I reckon similar ‘Bolar like provision‘ exists in the section 107A of the Indian Patent Act. This particular section allows, in a similar way that generic entry is not delayed in India after patent expiry of the respective innovator products.
Though the generic players of India, by and large, are up in arms against RDP (protection against disclosure and unfair commercial use of the test data) in India, highest number of ANDAs are being filed by the Indian companies, just next to the USA, despite a stringent DE provisions being in force there.
Moreover, inspite of very stringent IPR regulations, Generic prescriptions are quite popular in the USA. Around 62% of the total prescriptions in that country are for generic pharmaceuticals.
Thus the key apprehension that the RDP provision in the EU-FTA will delay the launch of generic pharmaceutical products in India and will go against ‘Public Interest’ seems to be unfounded to me.
Government report indicates RDP is good for India:
The Government of India appointed ‘Satwant Reddy Committee’ report (2007) also categorically recommended that RDP is good for the country and should be introduced in a calibrated way.The committee examined two industries:
- Pharmaceuticals – Agrochemicals
Meanwhile, a 3 year RDP for Agrochemicals has been accepted by the Government of India, vindicating the fact that even if section 39.3 is considered as ‘TRIPS Plus’, RDP, as such, is good for the country.
Thus the question whether Section 39.3 is ‘TRIPS Plus’ or not, does not appear to be relevant while discussing EU-FTA, after following the above sequence of events in India.
Conclusion:
The issue of RDP appears to me more a regulatory than an IPR related subject in EU-FTA negotiation process and should be treated as such. It means RDP is more related to the ‘Drugs and Cosmetics Act’ of India rather than the ‘Patent Act 2005′. The media hype that an IPR issue in the form of RDP is being taken up in the EU-FTA negotiation also seems to be misplaced.
Let me hasten to add that I do not hold any brief directly or indirectly for or against the EU-FTA. Neither do I wish to make any general comment on the EU-FTA as such, because the agreement will deal with various other important issues of our nation’s interest involving intensive negotiations between the sovereign countries, at the government level.

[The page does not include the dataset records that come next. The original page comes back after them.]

Lemma logn2_bin_add_w a b : logn 2 'C(a + b, a) + w (a + b) = w a + w b.
Proof.
have := congr1 (logn 2) (bin_fact (leq_addr b a)); rewrite addKn.
rewrite !lognM ?muln_gt0 ?fact_gt0 ?bin_gt0 ?leq_addr //.
have := logn2_fact_add_w a; have := logn2_fact_add_w b.
have := logn2_fact_add_w (a + b); lia.
Qed.

Lemma w_addn a b : w (a + b) <= w a + w b.
Proof. by rewrite -logn2_bin_add_w leq_addl. Qed.

Lemma logn2_central_bin m : logn 2 'C(m.*2, m) = w m.
Proof. by have := logn2_bin_add_w m m; rewrite addnn w_double; lia. Qed.

Lemma logn2_bin_lt_w N : 0 < N -> logn 2 'C(N.-1, (N.+1 %/ 2).-1) < w N.
Proof.
move=> N_gt0; have := odd_double_half N.
case: (odd N) => /= N_eq; rewrite -{}N_eq in N_gt0 *.
  have -> : ((1 + N./2.*2).+1 %/ 2).-1 = N./2 by rewrite -addnn; lia.
  by rewrite add1n /= logn2_central_bin w_doubleS.
rewrite add0n w_double; case: N./2 N_gt0 => [|m] // _.
have -> : ((m.+1.*2).+1 %/ 2).-1 = m by rewrite -addnn; lia.
have central_bin : 'C(m.+1.*2, m.+1) = 'C(m.*2.+1, m).*2.
  have le_m1 : m.+1 <= m.*2.+1 by rewrite ltnS -addnn leq_addr.
  have := bin_sub le_m1; have -> : m.*2.+1 - m.+1 = m by rewrite -addnn; lia.
  by move=> sym; rewrite doubleS binS -sym addnn.
rewrite -logn2_central_bin central_bin doubleS logn2_double //.
by rewrite bin_gt0 -addnn -addSn leq_addl.
Qed.

Lemma sum_pow2_uniq_lt K (s : seq nat) :
  uniq s -> {in s, forall e, e < K} -> \sum_(e <- s) 2 ^ e < 2 ^ K.
Proof.
elim: K s => [|K IHK] s s_uniq s_lt.
  case: s s_uniq s_lt => [|e s] _ s_lt; first by rewrite big_nil.
  by have := s_lt e (mem_head _ _).
have lt_K e : e \in s -> e != K -> e < K.
  by move=> /s_lt; rewrite ltnS leq_eqVlt => /orP[/eqP-> /eqP|].
have [Ks | notKs] := boolP (K \in s); last first.
  rewrite (@leq_trans (2 ^ K)) ?leq_exp2l ?IHK // => e es.
  by rewrite lt_K //; apply: contraNneq notKs => <-.
rewrite (perm_big _ (perm_to_rem Ks)) big_cons expnS mul2n -addnn ltn_add2l.
rewrite IHK ?rem_uniq // => e.
by rewrite mem_rem_uniq // inE => /andP[neK es]; exact: lt_K.
Qed.
(* Let $p=\frac12-\varepsilon$ with $0<\varepsilon\le\frac12$, and run Algorithm LB-Search (described in the context) with $r=\frac12-\eta$, where $\eta=\varepsilon/2$. If the reply to each query was erroneous with probability at most $p$, independently, then the algorithm outputs the target vertex with probability at least $1-n^{-3}$.
   Context: Setting: $G=(V,E)$ is a finite simple connected graph with $n$ vertices and an unknown target vertex $v^{*}$. A query on vertex $q$ returns a reply $v$; a correct reply is $v=q$ if $q=v^{*}$, and otherwise a neighbor of $q$ on a shortest path from $q$ to $v^{*}$. A vertex $u$ is consistent (compatible) with reply $v$ to query $q$ if $q=v=u$, or $q\ne v$ and $v$ lies on a shortest path between $u$ and $q$; $N(q,v)$ denotes the set of such $u$. For weights $\omega\colon V\to(0,\infty)$ and $X\subseteq V$ let $\omega(X)=\sum_{u\in X}\omega(u)$, $\Lambda(v)=\max_{u\in N(v)}\omega(N(v,u))$ where $N(v)$ is the neighbor set, and call $q$ $\delta$-close to a median if $\Lambda(q)\le(\frac12+\delta)\omega(V)$. Parameters: it is assumed that $\eta<\frac18$; $r=\frac12-\eta$, $\delta=\eta/4$, $\Gamma=\frac{1}{1-4\eta}$, $\tau=\frac{10\log_2 n}{\eta^2}$. Algorithm LB-Search: set $\omega(v)=1/n$ and a counter $\ell_v=0$ for every $v$. Repeat for $\tau$ steps: let $q$ be any vertex $\delta$-close to a median with respect to current weights; query $q$; for each vertex $u$ not compatible with the reply, set $\omega(u)\gets\omega(u)/\Gamma$ and $\ell_u\gets\ell_u+1$. Finally return a vertex $v$ with the smallest $\ell_v$. *)

From HB Require Import structures.
From mathcomp Require Import all_boot all_order all_algebra.
From mathcomp Require Import reals exp.
Set Implicit Arguments. Unset Strict Implicit. Unset Printing Implicit Defensive.
Import Order.TTheory GRing.Theory Num.Theory.
Local Open Scope ring_scope.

However, even without going into the merits or demerits of the EU-FTA, it appears to me that the arguments put forth by a group of people against RDP related to the EU-FTA are indeed not robust enough and possibly have been prompted more by the vested interest groups rather than the ‘Public Interest’.
By: Tapan J Ray
Disclaimer: The views/opinions expressed in this article are entirely my own, written in my individual and personal capacity. I do not represent any other person or organization for this opinion.